What you should do. Word for word, copy the entire listing.

Given information.

(* Let $N\ge 2$, $S\ge 1$, $d\ge 1$ be integers. If $d\ge N-1$, then for every next-token distribution $\pi$ on $[N]^S$ we have $d_{KL}(\pi,\mathcal{L}(N,S,d))=0$. Conversely, if $d<N-1$, there exists a next-token distribution $\pi$ on $[N]^S$ such that $d_{KL}(\pi,\mathcal{L}(N,S,d))>0$.
   Context: $[N]=\{1,\dots,N\}$. A next-token distribution $\pi$ consists of a prior probability distribution on $[N]^S$ together with, for each $t_{1:S}\in[N]^S$, a conditional probability distribution $\pi_{t_{1:S}}=\pi(\cdot\mid t_{1:S})$ on $[N]$. For $f:[N]^S\to\mathbb{R}^N$, $d_{KL}(\pi,f):=\mathbb{E}_{t_{1:S}\sim\pi}\big[\mathrm{KL}(\pi_{t_{1:S}}\,\|\,\mathrm{Softmax}(f(t_{1:S})))\big]$. The set of sequence encoders is $\mathcal{L}(N,S,d):=\{f_{W,E}: W\in\mathbb{R}^{N\times d},\ E:[N]^S\to\mathbb{R}^d\}$ with $f_{W,E}(t_{1:S})=W E(t_{1:S})$, and $d_{KL}(\pi,\mathcal{L}(N,S,d)):=\inf_{f\in\mathcal{L}(N,S,d)}d_{KL}(\pi,f)$. *)

From HB Require Import structures.
From mathcomp Require Import all_boot all_order all_algebra.
From mathcomp Require Import all_classical all_reals all_analysis.
Set Implicit Arguments. Unset Strict Implicit. Unset Printing Implicit Defensive.
Import Order.TTheory GRing.Theory Num.Theory.
Local Open Scope ring_scope.
Local Open Scope classical_set_scope.

(* [N] is represented by 'I_N (0-indexed), [N]^S by S.-tuple 'I_N. *)
Definition seqs (N S : nat) := (S.-tuple 'I_N)%type.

Output of the exercise.
(* Let $N\ge 2$, $S\ge 1$, $d\ge 1$ be integers. If $d\ge N-1$, then for every next-token distribution $\pi$ on $[N]^S$ we have $d_{KL}(\pi,\mathcal{L}(N,S,d))=0$. Conversely, if $d<N-1$, there exists a next-token distribution $\pi$ on $[N]^S$ such that $d_{KL}(\pi,\mathcal{L}(N,S,d))>0$.
   Context: $[N]=\{1,\dots,N\}$. A next-token distribution $\pi$ consists of a prior probability distribution on $[N]^S$ together with, for each $t_{1:S}\in[N]^S$, a conditional probability distribution $\pi_{t_{1:S}}=\pi(\cdot\mid t_{1:S})$ on $[N]$. For $f:[N]^S\to\mathbb{R}^N$, $d_{KL}(\pi,f):=\mathbb{E}_{t_{1:S}\sim\pi}\big[\mathrm{KL}(\pi_{t_{1:S}}\,\|\,\mathrm{Softmax}(f(t_{1:S})))\big]$. The set of sequence encoders is $\mathcal{L}(N,S,d):=\{f_{W,E}: W\in\mathbb{R}^{N\times d},\ E:[N]^S\to\mathbb{R}^d\}$ with $f_{W,E}(t_{1:S})=W E(t_{1:S})$, and $d_{KL}(\pi,\mathcal{L}(N,S,d)):=\inf_{f\in\mathcal{L}(N,S,d)}d_{KL}(\pi,f)$. *)

From HB Require Import structures.
From mathcomp Require Import all_boot all_order all_algebra.
From mathcomp Require Import all_classical all_reals all_analysis.
Set Implicit Arguments. Unset Strict Implicit. Unset Printing Implicit Defensive.
Import Order.TTheory GRing.Theory Num.Theory.
Local Open Scope ring_scope.
Local Open Scope classical_set_scope.

(* [N] is represented by 'I_N (0-indexed), [N]^S by S.-tuple 'I_N. *)
Definition seqs (N S : nat) := (S.-tuple 'I_N)%type.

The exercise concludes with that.